1

I have a Amazon S3 bucket with files and want to generate a force download zip-file on Amazon EC2 (With Amazon Linux, similar to CentOS/Redhat Linux).

I have all signed urls in an (post) array and right now I'am using this code.

    <?php
    ini_set('max_execution_time', 300); //300 seconds = 5 minutes
    ini_set('memory_limit', '8192M');

    $imageNumber = 0;
    # create new zip opbject
    $zip = new ZipArchive();

    # create a temp file & open it
    $tmp_file = tempnam('.','');
    $zip->open($tmp_file, ZipArchive::CREATE);
    foreach ($_POST['text'] as $key => $value) {
        //Get extension
        $ext = pathinfo(parse_url($value, PHP_URL_PATH), PATHINFO_EXTENSION);

        # download file
        $download_file = file_get_contents($value);

        #add it to the zip
        $zip->addFromString(basename($imageNumber.'-image.'.$ext),$download_file);

        $imageNumber++;
    }

    # close zip
    $zip->close();

    # send the file to the browser as a download
    header('Content-disposition: attachment; filename=download.zip');
    header('Content-type: application/zip');
    readfile($tmp_file);
    ?>

My goal is to keep the costs on EC2 as low as possible and right now I just have 4GB on my instance. As you can see, I have increased the memory limit and the problem is that I have 50-100 files of about 5 MB each, which is a few hundred MB per Zip file which of course is a problem if several people generates a zip at the same time.

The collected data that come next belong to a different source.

(* Let $\Omega\subset\{1,\dots,N\}$ have cardinality $n$, let $0<\epsilon<1$, and let $b\in\mathbb{R}^N$ and $c\in\mathbb{R}^{2N-1}$ be random vectors with independent Bernoulli $\pm1$ entries. Let $\mu$ be the coherence of the random partial circulant matrix $\frac{1}{\sqrt n}S^b_\Omega\in\mathbb{R}^{n\times N}$, or of the random partial Toeplitz matrix $\frac1{\sqrt n}T^c_\Omega\in\mathbb{R}^{n\times N}$. Then with probability at least $1-\epsilon$, $$\mu\le 4\,\frac{\log(2N^2/\epsilon)}{\sqrt n}.$$
   Context: For $b=(b_0,\dots,b_{N-1})\in\mathbb{R}^N$ the circulant matrix $S^b\in\mathbb{R}^{N\times N}$ has entries $S^b_{i,j}=b_{(j-i)\bmod N}$, $i,j=1,\dots,N$. For $c=(c_{-N+1},\dots,c_{N-1})\in\mathbb{R}^{2N-1}$ the Toeplitz matrix $T^c\in\mathbb{R}^{N\times N}$ has entries $T^c_{i,j}=c_{j-i}$. $S^b_\Omega$ (resp. $T^c_\Omega$) is the submatrix consisting of the rows indexed by $\Omega$. A Bernoulli $\pm1$ variable takes values $\pm1$ with probability $1/2$ each. The coherence of a matrix $A$ with columns $a_1,\dots,a_N$ is $\mu=\max_{\rho\neq\lambda}|\langle a_\rho,a_\lambda\rangle|$. *)

From HB Require Import structures.
From mathcomp Require Import all_boot all_order all_algebra.
From mathcomp Require Import reals exp.
Set Implicit Arguments. Unset Strict Implicit. Unset Printing Implicit Defensive.
Import Order.TTheory GRing.Theory Num.Theory.
Local Open Scope ring_scope.

Definition pm1 {R : pzRingType} (x : bool) : R := if x then 1 else -1.

Definition circulant {R : pzRingType} (N : nat) (b : 'I_N -> R) : 'M[R]_N :=
  \matrix_(i, j) match insub ((j + N - i) %% N)%N with
                 | Some k => b k | None => 0 end.

(* Toeplitz matrix T^c with c = (c_{-N+1},...,c_{N-1}) stored as
   c' : 'I_(2N-1) -> R, c_k = c' (k + N - 1): T^c_{i,j} = c_{j-i}. *)
Definition toeplitz {R : pzRingType} (N : nat) (c : 'I_(2 * N - 1) -> R) : 'M[R]_N :=
  \matrix_(i, j) match insub (j + N.-1 - i)%N with
                 | Some k => c k | None => 0 end.

Definition rows_of {R : Type} (N m : nat) (Omega : {set 'I_N}) (A : 'M[R]_(N, m))
  : 'M[R]_(#|Omega|, m) :=
  \matrix_(k, j) A (enum_val k) j.

Definition coherence {R : numDomainType} (m N : nat) (A : 'M[R]_(m, N)) : R :=
  \big[Num.max/0]_(rho < N) \big[Num.max/0]_(lam < N | lam != rho)
     `| \sum_(k < m) A k rho * A k lam |.

(* Probability of an event under independent uniform (fair) coordinates. *)
Definition unif_prob {R : numFieldType} (T : finType) (E : pred T) : R :=
  #|[set x | E x]|%:R / #|T|%:R.

From mathcomp Require Import all_boot all_order all_algebra.
From mathcomp Require Import reals exp sequences.
From mathcomp Require Import lra zify ring.

(* Every off-diagonal entry of the Gram matrix of the normalized matrix is
   [n^-1] times a sum [Y] of at most [n] products of two distinct Bernoulli
   signs.  For the Toeplitz matrix, and for each of the two halves of the
   circulant sum (split by the half of [Z/N] containing the shift), every
   subfamily of terms has a term containing a sign that occurs nowhere else in
   the subfamily; flipping that sign peels the term off, which gives
   [E exp(l Y) = cosh(l)^#|P| <= exp(2 l^2 #|P|)] for [l^2 <= 1/2].  With
   [l = +-1/sqrt n] the Chernoff bound yields [P(|Y|/sqrt n > t) <= 2 e^(2-t)],
   and a union bound over the [N^2] pairs of columns with
   [t = 2 log(2N^2/eps)] gives the claim.  When the threshold is at least [1]
   there is nothing to prove, since every Gram entry is at most [1]. *)

Set Implicit Arguments. Unset Strict Implicit. Unset Printing Implicit Defensive.
Import Order.TTheory GRing.Theory Num.Theory.
Local Open Scope ring_scope.

Section UniformProbability.
Context {R : realType} {T : finType}.
Implicit Types (E F : pred T) (f g : T -> R).

Definition unif_mean f : R := (\sum_x f x) / #|T|%:R.

Local Notation Pr := (@unif_prob R T).

Lemma unif_probE E : Pr E = unif_mean (fun x => (E x)%:R).
Proof.
rewrite /unif_prob /unif_mean; congr (_ / _).
rewrite -sumr_const big_mkcond /=; apply: eq_bigr => x _.
by rewrite inE; case: (E x).
Qed.

Lemma unif_mean_le f g : (forall x, f x <= g x) -> unif_mean f <= unif_mean g.
Proof. by move=> fg; apply: ler_wpM2r; [rewrite invr_ge0 | apply: ler_sum]. Qed.

Lemma unif_meanD f g : unif_mean (f \+ g) = unif_mean f + unif_mean g.
Proof. by rewrite /unif_mean big_split mulrDl. Qed.

Lemma unif_mean_sum (I : finType) (F : I -> T -> R) :
  unif_mean (fun x => \sum_i F i x) = \sum_i unif_mean (F i).
Proof. by rewrite /unif_mean exchange_big mulr_suml. Qed.

Lemma unif_prob_le E F : (forall x, E x -> F x) -> Pr E <= Pr F.
Proof.
move=> EF; rewrite !unif_probE; apply: unif_mean_le => x.
by case: (boolP (E x)) => [/EF -> | _] //=; rewrite ler0n.
Qed.

Lemma unif_prob_eq0 E : (forall x, ~~ E x) -> Pr E = 0.
Proof.
by move=> nE; rewrite unif_probE /unif_mean big1 ?mul0r // => x _; rewrite (negbTE (nE x)).
Qed.

Lemma unif_probU_le E F :
  Pr (fun x => E x || F x) <= Pr E + Pr F.
Proof.
rewrite !unif_probE -unif_meanD; apply: unif_mean_le => x /=.
by case: (E x); case: (F x); rewrite /= ?addr0 ?add0r ?lerDl.
Qed.

Lemma unif_prob_exists_le (I : finType) (E : I -> pred T) :
  Pr (fun x => [exists i, E i x]) <= \sum_i Pr (E i).
Proof.
under eq_bigr do rewrite unif_probE.
rewrite unif_probE -unif_mean_sum; apply: unif_mean_le => x.
case: existsP => [[i Ei] | _]; last by apply: sumr_ge0 => i _; rewrite ler0n.
rewrite (bigD1 i) //= Ei lerDl; apply: sumr_ge0 => j _; exact: ler0n.
Qed.

Lemma unif_probNE E : (0 < #|T|)%N -> Pr (fun x => ~~ E x) = 1 - Pr E.
Proof.
move=> T0; rewrite !unif_probE.
transitivity (unif_mean (fun=> 1) - unif_mean (fun x => (E x)%:R)).
  rewrite /unif_mean -mulrBl -sumrB; congr (_ / _); apply: eq_bigr => x _.
  by case: (E x); rewrite /= ?subrr ?subr0.
by rewrite /unif_mean sumr_const divff // pnatr_eq0 -lt0n.
Qed.

Lemma unif_prob_lt_le_expR f a :
  Pr (fun x => a < f x) <= expR (- a) * unif_mean (fun x => expR (f x)).
Proof.
rewrite unif_probE /unif_mean mulrA mulr_sumr; apply: unif_mean_le => x.
rewrite -expRD; case: ltP => /= h; last exact: expR_ge0.
by apply: ltW; rewrite expR_gt1; lra.
Qed.

End UniformProbability.

Section Cosh.
Context {R : realType}.
Implicit Types l : R.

Is there a better solution (less memory use and as low cost as possible on EC2)?

Xtreme
  • 1,420
  • 7
  • 25
  • 46
  • if your EC2 instance is in the same region as your S3 instance I would just download, zip, upload, remove zip from EC2, then point your user to the new zip on your S3 bucket – cmorrissey Oct 05 '15 at 19:33
  • I would suggest figuring out how to make a queue in MySQL and having your PHP code figure out whether to place a ZIP request in the queue or simply process it right away based on the current processing load of the queue. You will also need a CRON job to continuously process the queue and possibly notify users when their ZIP is ready. – MonkeyZeus Oct 05 '15 at 19:33
  • 1
    Another thing which is likely to kill your memory consumption is `file_get_contents()`. I heavily recommend looking into mod_xsendfile so that Apache can take care of the file downloads. – MonkeyZeus Oct 05 '15 at 19:35
  • 1
    If you only have 4GB in your instance then why are you telling PHP that it's OK to try and use 8GB? – MonkeyZeus Oct 05 '15 at 19:37
  • don't do mysql for the queue. you're going to be burned by this at some point. use a proper queue-ing mechanism (sqs comes to mind in aws land) – Mircea Oct 05 '15 at 19:38
  • You should probably listen to @Mircea , it sounds like he's done this before :) – MonkeyZeus Oct 05 '15 at 19:38
  • also look at streaming to s3 directly and using a zip compressor while streaming – Mircea Oct 05 '15 at 19:42
  • Why should I sream (or upload) to S3? I want to generate a zip-file on EC2, let the user download it and then delete the zip-file. The content (urls in the array to S3) is different for every user. – Xtreme Oct 05 '15 at 19:44
  • in this case, stream to the user directly – Mircea Oct 05 '15 at 19:50
  • http://stackoverflow.com/questions/3078266/zip-stream-in-php – Mircea Oct 05 '15 at 19:51
  • @Mircea Do I need first to download the files to EC2, and then steam? I looked at this http://stackoverflow.com/questions/4357073/on-the-fly-zipping-streaming-of-large-files-in-php-or-otherwise/4357904#4357904 and I can't replace `$fp = popen('zip -r - 1.jpg 2.jpg 3.jpg', 'r'); ` with `$fp = popen('zip -r - www.link-to-s3-image-1.jpg www.link-to-s3-image-2.jpg www.link-to-s3-image-3.jpg', 'r'); ` and then delete the files from EC2. – Xtreme Oct 05 '15 at 20:21

0 Answers0